His words sunk deep, and she did feel a warmth inside her as she thought of her family. They all loved her, she’d never doubted that. Though she’d gotten in trouble for behavior in the past it had never been because of who she was. Never a random outburst from someone she barely knew. “Mother has never made me feel like I make her ashamed.” She admitted. Her mother had aways encouraged her, and never hesitated to express her love. “I still want other people to like me, though.”

“People love you. The guards at home, the staff, the friends you’ve made. You’re funny, bold, caring. All great things.” He offered her a reassuring little smile. “And here’s a secret. People don’t always like me, or do what I say.” She wasn’t sure if she totally believed him, but he went on before she could protest. “You don’t usually see it, because it happens in the negotiation room, or they’re more subtle about it. But I’ve had lots of disagreements with people. Not everyone is going to like you. That’s how people are. Tornith doesn’t know you, and, even if he didn’t like the way you were acting, he had no right to speak to you that way.  You meet all sorts of people in life, including jerkfaces like him.”

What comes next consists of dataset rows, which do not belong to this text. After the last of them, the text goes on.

(* Let $X_1\in\mathbb{R}^{n_1\times d}$ and $X_2\in\mathbb{R}^{n_2\times d}$ be two data matrices with $\|X_1\|,\|X_2\|\le 1$ and $\operatorname{rank}(X_m)<d$, and consider the two tasks fitted in the identity ordering ($\tau(1)=1$, $\tau(2)=2$). The following are equivalent: (1) For every choice of labels $y_1,y_2$ such that $S=\{(X_1,y_1),(X_2,y_2)\}\in\mathcal{S}_2$ (equivalently, for every minimum-norm solution $w^\star$), $F_{\tau,S}(2)=0$. (2) $X_1P_2P_1=0_{n_1\times d}$. (3) Every principal angle between $\mathrm{range}(X_1^\top)$ and $\mathrm{range}(X_2^\top)$ is either $0$ or $\pi/2$.
   Context: Let $d\ge 1$, $T\ge1$. A task is a pair $(X_m,y_m)$ with $X_m\in\mathbb{R}^{n_m\times d}$, $y_m\in\mathbb{R}^{n_m}$ and $\operatorname{rank}(X_m)<d$. $\mathcal{S}_T$ denotes the set of collections $S=\{(X_m,y_m)\}_{m=1}^T$ of $T$ tasks such that $\|X_m\|\le 1$ (spectral norm) for all $m$ and there exists $w\in\mathbb{R}^d$ with $\|w\|\le 1$ and $y_m=X_mw$ for all $m$. A task ordering is a map $\tau:\mathbb{N}^+\to\{1,\dots,T\}$. Given $S$ and $\tau$, the iterates are $w_0=0$ and $w_t=w_{t-1}+X_{\tau(t)}^+(y_{\tau(t)}-X_{\tau(t)}w_{t-1})$ for $t\ge1$, where $A^+$ is the Moore–Penrose pseudoinverse (equivalently, $w_t$ is the Euclidean projection of $w_{t-1}$ onto $\{w: X_{\tau(t)}w=y_{\tau(t)}\}$). The forgetting at iteration $k$ is $F_{\tau,S}(k)=\frac1k\sum_{t=1}^k\|X_{\tau(t)}w_k-y_{\tau(t)}\|^2$. $w^\star$ denotes the minimum Euclidean-norm vector with $X_mw^\star=y_m$ for all $m$. $P_m=I-X_m^+X_m$ is the orthogonal projection onto $\ker X_m$. Principal angles: for data matrices $X_1,X_2$ let $r=\min(\operatorname{rank}X_1,\operatorname{rank}X_2)$. The principal angles $0\le\theta_1\le\dots\le\theta_r\le\pi/2$ between $\mathrm{range}(X_1^\top)$ and $\mathrm{range}(X_2^\top)$ are defined recursively by $\cos\theta_i=|u_i^\top v_i|$, where $(u_i,v_i)$ maximizes $|u^\top v|$ over unit vectors $u\in\mathrm{range}(X_1^\top)$, $v\in\mathrm{range}(X_2^\top)$ with $u\perp u_j$, $v\perp v_j$ for all $j<i$. *)

From HB Require Import structures.
From mathcomp Require Import all_boot all_order all_algebra.
From mathcomp Require Import reals trigo.
From Stdlib Require ClassicalEpsilon.

Set Implicit Arguments.
Unset Strict Implicit.
Unset Printing Implicit Defensive.

Import Order.TTheory GRing.Theory Num.Theory.
Local Open Scope ring_scope.

Section Defs.
Variable R : realType.

Definition dotv {k : nat} (u v : 'cV[R]_k) : R := (u^T *m v) 0 0.
Definition sqnorm {k : nat} (v : 'cV[R]_k) : R := dotv v v.

Definition spec_norm_le1 {n d : nat} (X : 'M[R]_(n, d)) : Prop :=
  forall v : 'cV[R]_d, sqnorm (X *m v) <= sqnorm v.

Definition is_pinv {n d : nat} (X : 'M[R]_(n, d)) (Z : 'M[R]_(d, n)) : Prop :=
  [/\ X *m Z *m X = X, Z *m X *m Z = Z,
      (X *m Z)^T = X *m Z & (Z *m X)^T = Z *m X].

Definition pinv {n d : nat} (X : 'M[R]_(n, d)) : 'M[R]_(d, n) :=
  ClassicalEpsilon.epsilon (inhabits 0) (is_pinv X).

Definition kerproj {n d : nat} (X : 'M[R]_(n, d)) : 'M[R]_d :=
  1%:M - pinv X *m X.

(* A collection of T tasks (X_m, y_m), m : 'I_T, with X_m of size n_m x d.
   Orderings tau : nat -> 'I_T (only values at t >= 1 matter). *)
Fixpoint iterate {T d : nat} (n : 'I_T -> nat)
    (X : forall m, 'M[R]_(n m, d)) (y : forall m, 'cV[R]_(n m))
    (tau : nat -> 'I_T) (t : nat) : 'cV[R]_d :=
  match t with
  | 0 => 0
  | t'.+1 =>
      let w := iterate X y tau t' in
      w + pinv (X (tau t)) *m (y (tau t) - X (tau t) *m w)
  end.

Definition forgetting {T d : nat} (n : 'I_T -> nat)
    (X : forall m, 'M[R]_(n m, d)) (y : forall m, 'cV[R]_(n m))
    (tau : nat -> 'I_T) (k : nat) : R :=
  (k%:R)^-1 * \sum_(1 <= t < k.+1)
     sqnorm (X (tau t) *m iterate X y tau k - y (tau t)).

Definition in_ST {T d : nat} (n : 'I_T -> nat)
    (X : forall m, 'M[R]_(n m, d)) (y : forall m, 'cV[R]_(n m)) : Prop :=
  [/\ forall m, (\rank (X m) < d)%N,
      forall m, spec_norm_le1 (X m) &
      exists w : 'cV[R]_d, sqnorm w <= 1 /\ forall m, y m = X m *m w].

(* The identity ordering tau(t) = t (tasks 1..T are 'I_T indices 0..T-1). *)
Definition id_ordering (T : nat) : nat -> 'I_T.+1 := fun t => inord t.-1.

Definition in_rowspace {n d : nat} (A : 'M[R]_(n, d)) (u : 'cV[R]_d) : Prop :=
  exists z : 'cV[R]_n, u = A^T *m z.

(* Admissible pairs at step i of the recursive definition of principal
   angles, given previously chosen u_j, v_j (j < i). *)
Definition pa_admissible {n1 n2 d : nat} (A : 'M[R]_(n1, d)) (B : 'M[R]_(n2, d))
    (u v : nat -> 'cV[R]_d) (i : nat) (u' v' : 'cV[R]_d) : Prop :=
  [/\ in_rowspace A u', in_rowspace B v', sqnorm u' = 1, sqnorm v' = 1 &
      forall j, (j < i)%N -> dotv u' (u j) = 0 /\ dotv v' (v j) = 0].

Definition principal_system {n1 n2 d : nat} (A : 'M[R]_(n1, d)) (B : 'M[R]_(n2, d))
    (u v : nat -> 'cV[R]_d) : Prop :=
  forall i, (i < minn (\rank A) (\rank B))%N ->
    pa_admissible A B u v i (u i) (v i) /\
    forall u' v', pa_admissible A B u v i u' v' ->
      `|dotv u' v'| <= `|dotv (u i) (v i)|.

Definition principal_angle {d : nat} (u v : nat -> 'cV[R]_d) (i : nat) : R :=
  acos `|dotv (u i) (v i)|.

End Defs.

(* Write Q_m = X_m^+ X_m for the orthogonal projection onto range(X_m^T), so that
   P_m = I - Q_m.  With labels y_m = X_m w the second iterate is w - P_2 P_1 w, the
   forgetting at step 2 is |X_1 P_2 P_1 w|^2 / 2, and (1) says X_1 P_2 P_1 = 0.  Since
   X_1 = X_1 Q_1 this reads Q_1 Q_2 Q_1 = Q_1 Q_2, which for symmetric projections
   means that Q_1 and Q_2 commute.

   If they commute and the earlier principal vectors u_j = +-v_j lie in both row
   spaces, then Q_2 u_i lies in both row spaces, is orthogonal to the earlier
   vectors and has the same inner product with v_i as u_i; so if the i-th cosine
   is nonzero, the admissible pair (Q_2 u_i, Q_2 u_i), normalised, forces it to
   be 1. Conversely, if the cosines are 0 or 1, let k be the first index with
   cosine 0 (or the number of angles). The u_j with j < k span a common
   subspace, and Q_2 kills every b in range(X_1^T) orthogonal to them: otherwise
   the normalised pair (b, Q_2 b) would have positive cosine at step k, and when
   all cosines are 1 the u_j span one of the row spaces. Hence Q_2 maps
   range(X_1^T) into itself. For (3) -> (2) a system of principal vectors must
   exist; it is built step by step, each maximum being attained on the compact
   set of admissible pairs. *)

From HB Require Import structures.
From mathcomp Require Import all_boot all_order all_algebra.
From mathcomp Require Import all_classical all_reals all_analysis.
From mathcomp Require Import lra.
From Stdlib Require ClassicalEpsilon.

Set Implicit Arguments.
Unset Strict Implicit.
Unset Printing Implicit Defensive.
Import Order.TTheory GRing.Theory Num.Theory numFieldNormedType.Exports.
Local Open Scope ring_scope.

Section InnerProduct.
Variables (R : realType) (k : nat).
Implicit Types (a b w : 'cV[R]_k).

Lemma dotvE a b : dotv a b = \sum_i a i 0 * b i 0.
Proof. by rewrite /dotv mxE; apply: eq_bigr => i _; rewrite mxE. Qed.

Lemma dotvC a b : dotv a b = dotv b a.
Proof. by rewrite !dotvE; apply: eq_bigr => i _; rewrite mulrC. Qed.

Lemma dotv_mulmxl m (M : 'M[R]_(m, k)) a (c : 'cV[R]_m) :
  dotv (M *m a) c = dotv a (M^T *m c).
Proof. by rewrite /dotv trmx_mul mulmxA. Qed.

Lemma dotvDl a b w : dotv (a + b) w = dotv a w + dotv b w.
Proof. by rewrite /dotv linearD /= mulmxDl mxE. Qed.

Lemma dotvZl (x : R) a w : dotv (x *: a) w = x * dotv a w.
Proof. by rewrite /dotv linearZ /= -scalemxAl mxE. Qed.

Lemma dotvZr (x : R) a w : dotv w (x *: a) = x * dotv w a.
Proof. by rewrite dotvC dotvZl dotvC. Qed.

Lemma dotvNl a w : dotv (- a) w = - dotv a w.
Proof. by rewrite -scaleN1r dotvZl mulN1r. Qed.

Lemma dotvNr a w : dotv w (- a) = - dotv w a.
Proof. by rewrite dotvC dotvNl dotvC. Qed.

Lemma dotvBl a b w : dotv (a - b) w = dotv a w - dotv b w.
Proof. by rewrite dotvDl dotvNl. Qed.

Lemma dotv0l w : dotv 0 w = 0.
Proof. by rewrite /dotv linear0 mul0mx mxE. Qed.

Lemma dotv_suml (I : Type) (s : seq I) (F : I -> 'cV[R]_k) w :
  dotv (\sum_(j <- s) F j) w = \sum_(j <- s) dotv (F j) w.
Proof. by rewrite /dotv raddf_sum mulmx_suml summxE. Qed.

Lemma sqnorm_ge0 a : 0 <= sqnorm a.
Proof. by rewrite /sqnorm dotvE sumr_ge0 // => i _; rewrite -expr2 sqr_ge0. Qed.

Lemma sqnorm_eq0 a : sqnorm a = 0 -> a = 0.
Proof.
rewrite /sqnorm dotvE => /eqP; rewrite psumr_eq0 => [/allP H|i _]; last first.
  by rewrite -expr2 sqr_ge0.
apply/matrixP => i j; rewrite (ord1 j) mxE.
by have := H i (mem_index_enum _); rewrite -expr2 sqrf_eq0 => /eqP.
Qed.
(* Let $\mathcal C=\{1,\dots,n\}$, let $L$ be an evaluation scale (as in the context), let $\mu:2^{\mathcal C}\to L$ be a capacity, let $q\in\{1,\dots,n\}$ and let $x=(x_1,\dots,x_n)\in L^{n}$. (1) If $\mu$ is $q$-maxitive, then $$S_\mu(x)=\max_{A\subseteq\mathcal C,\ A\neq\emptyset,\ |A|\le q}\ \min\Big(\min_{i\in A}x_i,\ \mu(A)\Big).$$ (2) If $\mu$ is $q$-minitive, then $$S_\mu(x)=\min_{A\subsetneq\mathcal C,\ |A|\ge n-q}\ \max\Big(\max_{i\in \overline A}x_i,\ \mu(A)\Big),$$ where $\overline A=\mathcal C\setminus A$.
   Context: $L$ is either a finite totally ordered set $0=\xi_1<\xi_2<\dots<\xi_l=1$ or $L=[0,1]$. A capacity is a map $\mu:2^{\mathcal C}\to L$ with $\mu(\emptyset)=0$, $\mu(\mathcal C)=1$ and $A\subseteq B\Rightarrow\mu(A)\le\mu(B)$. The Sugeno integral of $x\in L^n$ w.r.t. $\mu$ is $S_\mu(x)=\max_{A\subseteq\mathcal C}\min(\min_{i\in A}x_i,\mu(A))$ (with $\min_{i\in\emptyset}x_i=1$), which equals $\min_{A\subseteq\mathcal C}\max(\max_{i\in\overline A}x_i,\mu(A))$ (with $\max_{i\in\emptyset}x_i=0$). A capacity $\mu$ is $q$-maxitive if for all $X\subseteq\mathcal C$ with $|X|>q$, $\mu(X)=\max_{Y\subsetneq X,\ |Y|\le q}\mu(Y)$; it is $q$-minitive if for all $X\subseteq\mathcal C$ with $|X|<n-q$, $\mu(X)=\min_{Y\supsetneq X,\ |Y|\ge n-q}\mu(Y)$. *)

(* The evaluation scale L is modelled as an arbitrary
   bounded totally ordered type (tbOrderType): this covers both the finite
   chains 0 = xi_1 < ... < xi_l = 1 and the real interval [0,1]. *)
From HB Require Import structures.
From mathcomp Require Import all_boot all_order.
Set Implicit Arguments. Unset Strict Implicit. Unset Printing Implicit Defensive.
Import Order.TTheory.
Local Open Scope order_scope.

Section Defs.
Context {disp : Order.disp_t} {L : tbOrderType disp} {n : nat}.

(* criteria C = {1..n} are represented by 'I_n *)
Definition is_capacity (mu : {set 'I_n} -> L) : Prop :=
  [/\ mu set0 = Order.bottom, mu setT = Order.top &
      forall A B : {set 'I_n}, A \subset B -> mu A <= mu B].

Definition sugeno (mu : {set 'I_n} -> L) (x : 'I_n -> L) : L :=
  \big[Order.max/Order.bottom]_(A : {set 'I_n})
     Order.min (\big[Order.min/Order.top]_(i in A) x i) (mu A).

Definition q_maxitive (q : nat) (mu : {set 'I_n} -> L) : Prop :=
  forall X : {set 'I_n}, (q < #|X|)%N ->
    mu X = \big[Order.max/Order.bottom]_(Y : {set 'I_n} | (Y \proper X) && (#|Y| <= q)%N) mu Y.

Definition q_minitive (q : nat) (mu : {set 'I_n} -> L) : Prop :=
  forall X : {set 'I_n}, (#|X| < n - q)%N ->
    mu X = \big[Order.min/Order.top]_(Y : {set 'I_n} | (X \proper Y) && (n - q <= #|Y|)%N) mu Y.

End Defs.

(* For a q-maxitive capacity, the term min (min_{i in A} x_i, mu A) of a large
   set A is the max of the terms min (min_{i in A} x_i, mu Y) over its small
   subsets Y, and each of these is dominated by the term of Y itself, since the
   inner min only grows when A shrinks to Y. Part (2) is the same argument run
   on the min-max form of the Sugeno integral, with complements in place of
   subsets. *)
From HB Require Import structures.
From mathcomp Require Import all_boot all_order.
Import Order.TTheory.
Local Open Scope order_scope.

Section BigMinMax.
Context {disp : Order.disp_t}.

Lemma min_bigmaxr {T : bOrderType disp} (I : Type) (r : seq I) (P : pred I)
    (F : I -> T) (a : T) :
  Order.min a (\big[Order.max/Order.bottom]_(i <- r | P i) F i) =
  \big[Order.max/Order.bottom]_(i <- r | P i) Order.min a (F i).
Proof. exact: (big_morph _ (min_maxr a) (min_r (le0x a))). Qed.

Lemma max_bigminr {T : tOrderType disp} (I : Type) (r : seq I) (P : pred I)
    (F : I -> T) (a : T) :
  Order.max a (\big[Order.min/Order.top]_(i <- r | P i) F i) =
  \big[Order.min/Order.top]_(i <- r | P i) Order.max a (F i).
Proof. exact: (big_morph _ (max_minr a) (max_r (lex1 a))). Qed.

Lemma bigmaxD1_bot {T : bOrderType disp} {I : finType} (j : I) (P : pred I)
    (F : I -> T) :
  F j = Order.bottom ->
  \big[Order.max/Order.bottom]_(i | P i) F i =
  \big[Order.max/Order.bottom]_(i | (i != j) && P i) F i.
Proof.
move=> Fj0; apply: le_anti; apply/andP; split; last first.
  by apply: sub_bigmax => i /andP[].
apply: bigmax_le => [|i Pi]; first exact: le0x.
have [->|ij] := eqVneq i j; first by rewrite Fj0 le0x.
by apply: le_bigmax_cond; rewrite ij.
Qed.

Lemma bigminD1_top {T : tOrderType disp} {I : finType} (j : I) (P : pred I)
    (F : I -> T) :
  F j = Order.top ->
  \big[Order.min/Order.top]_(i | P i) F i =
  \big[Order.min/Order.top]_(i | (i != j) && P i) F i.
Proof.
move=> Fj1; apply: le_anti; apply/andP; split.
  by apply: sub_bigmin => i /andP[].
apply: le_bigmin => [|i Pi]; first exact: lex1.
have [->|ij] := eqVneq i j; first by rewrite Fj1 lex1.
by apply: bigmin_le_cond; rewrite ij.
Qed.

End BigMinMax.

Section Sugeno.
Context {disp : Order.disp_t} {L : tbOrderType disp} {n : nat}.
Variables (mu : {set 'I_n} -> L) (x : 'I_n -> L).

Definition sugeno_dual : L :=
  \big[Order.min/Order.top]_(A : {set 'I_n})
     Order.max (\big[Order.max/Order.bottom]_(i in ~: A) x i) (mu A).

Lemma sugenoEdual : {homo mu : A B / A \subset B >-> A <= B} ->
  sugeno mu x = sugeno_dual.
Proof.
move=> mu_mono; apply: le_anti; apply/andP; split.
- apply: le_bigmin => [|B _]; first exact: lex1.
  apply: bigmax_le => [|A _]; first exact: le0x.
  have [sAB|/subsetPn[i iA iNB]] := boolP (A \subset B).
    by rewrite ge_min !le_max mu_mono ?orbT.
  rewrite ge_min le_max -orbA; apply/orP; left.
  apply: (le_trans (bigmin_le_cond _ _ iA)).
  by apply: le_bigmax_cond; rewrite in_setC.
- (* Witness: the strict upper level set of x at the value of the integral. *)
  set v := sugeno mu x; set B := [set i | v < x i].
  apply: (bigmin_inf B) => //; rewrite ge_max; apply/andP; split.
    apply: bigmax_le => [|i]; first exact: le0x.
    by rewrite in_setC in_set -leNgt.
  rewrite leNgt; apply/negP => v_lt_muB.
  have : Order.min (\big[Order.min/Order.top]_(i in B) x i) (mu B) <= v.
    exact: le_bigmax.
  rewrite leNgt lt_min v_lt_muB andbT => /negP; apply.
  apply/bigmin_gtP; split; first exact: lt_le_trans v_lt_muB (lex1 _).
  by move=> i; rewrite in_set.
Qed.

Variable q : nat.

Lemma sugeno_maxitive : q_maxitive q mu ->
  sugeno mu x =
  \big[Order.max/Order.bottom]_(A : {set 'I_n} | (#|A| <= q)%N)
     Order.min (\big[Order.min/Order.top]_(i in A) x i) (mu A).
Proof.
move=> mu_max; apply: le_anti; apply/andP; split; last exact: sub_bigmax.
apply: bigmax_le => [|A _]; first exact: le0x.
have [Aq|qA] := leqP #|A| q; first exact: le_bigmax_cond.
rewrite mu_max // min_bigmaxr; apply: bigmax_le => [|Y /andP[YA Yq]].
  exact: le0x.
apply: (bigmax_sup Y) => //; rewrite le_min2 //.
by apply: sub_bigmin => i; apply: (subsetP (proper_sub YA)).
Qed.

Lemma sugeno_dual_minitive : q_minitive q mu ->
  sugeno_dual =
  \big[Order.min/Order.top]_(A : {set 'I_n} | (n - q <= #|A|)%N)
     Order.max (\big[Order.max/Order.bottom]_(i in ~: A) x i) (mu A).
Proof.
move=> mu_min; apply: le_anti; apply/andP; split; first exact: sub_bigmin.
apply: le_bigmin => [|A _]; first exact: lex1.
have [qA|Aq] := leqP (n - q) #|A|; first exact: bigmin_le_cond.
rewrite mu_min // max_bigminr; apply: le_bigmin => [|Y /andP[AY Yq]].
  exact: lex1.
apply: (bigmin_inf Y) => //; rewrite le_max2 //.
apply: sub_bigmax => i; rewrite !in_setC; apply: contra.
exact: (subsetP (proper_sub AY)).
Qed.

End Sugeno.

Theorem lemma1 (disp : Order.disp_t) (L : tbOrderType disp) (n : nat)
    (mu : {set 'I_n} -> L) (q : nat) (x : 'I_n -> L) :
  is_capacity mu -> (1 <= q <= n)%N ->
  (q_maxitive q mu ->
     sugeno mu x =
     \big[Order.max/Order.bottom]_(A : {set 'I_n} | (A != set0) && (#|A| <= q)%N)
        Order.min (\big[Order.min/Order.top]_(i in A) x i) (mu A))
  /\
  (q_minitive q mu ->
     sugeno mu x =
     \big[Order.min/Order.top]_(A : {set 'I_n} | (A \proper setT) && (n - q <= #|A|)%N)
        Order.max (\big[Order.max/Order.bottom]_(i in ~: A) x i) (mu A)).
Proof.
move=> [mu0 muT mu_mono] _; split => [mu_max | mu_min].
- rewrite (sugeno_maxitive _ _ _ mu_max) (bigmaxD1_bot set0) // mu0.
  exact: min_r (le0x _).
- rewrite sugenoEdual // (sugeno_dual_minitive _ _ _ mu_min).
  under [RHS]eq_bigl do rewrite properT.
  by rewrite (bigminD1_top setT) // muT; apply: max_r (lex1 _).
Qed.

She couldn’t help but giggle softly to his choice of words, but sobered a bit as he went on. “Staying true to yourself is what matters.” It was hard to believe that people didn’t like her father. He was the quickest person she knew, and she hoped to one day learn his same wit. It was a bit of a revelation to think that there were those who didn’t see him in the same light as she did.

His words felt right to her. She liked who she was, and why should someone she hardly knew take that away from her? She gave a little nod. “I’ll remember, Crescent.”

Crescent gave her a little squeeze. “Good. You’re one of the lights in my life. Be who you are, and make no excuses for it. If, one day, you decide you want to change, do it for yourself. But you have plenty of time to get there.”

Silverbell felt better after all of that, somewhat emboldened. Her happy, boisterous energy would return in full soon. Wiping the remnants of her tears away she gently bumped her father’s forehead with her own. He smiled at her and she felt a warmth returning.

“Let’s head down,” he said. “I think there are some tea and cakes waiting for us. Race you down?” He asked, giving her one of his signature grins. They often had climbing races at home.

The prospect of sweets perked her up even more. She shifted out of his arms, grinning right back. For a moment it looked as if she would accept his challenge, but she paused, seeming to be thinking. “We’d better be careful so we don’t rip our clothes up.” With that she started back down, slowly and carefully, feeling warmed by the proud smile she saw on her father’s face.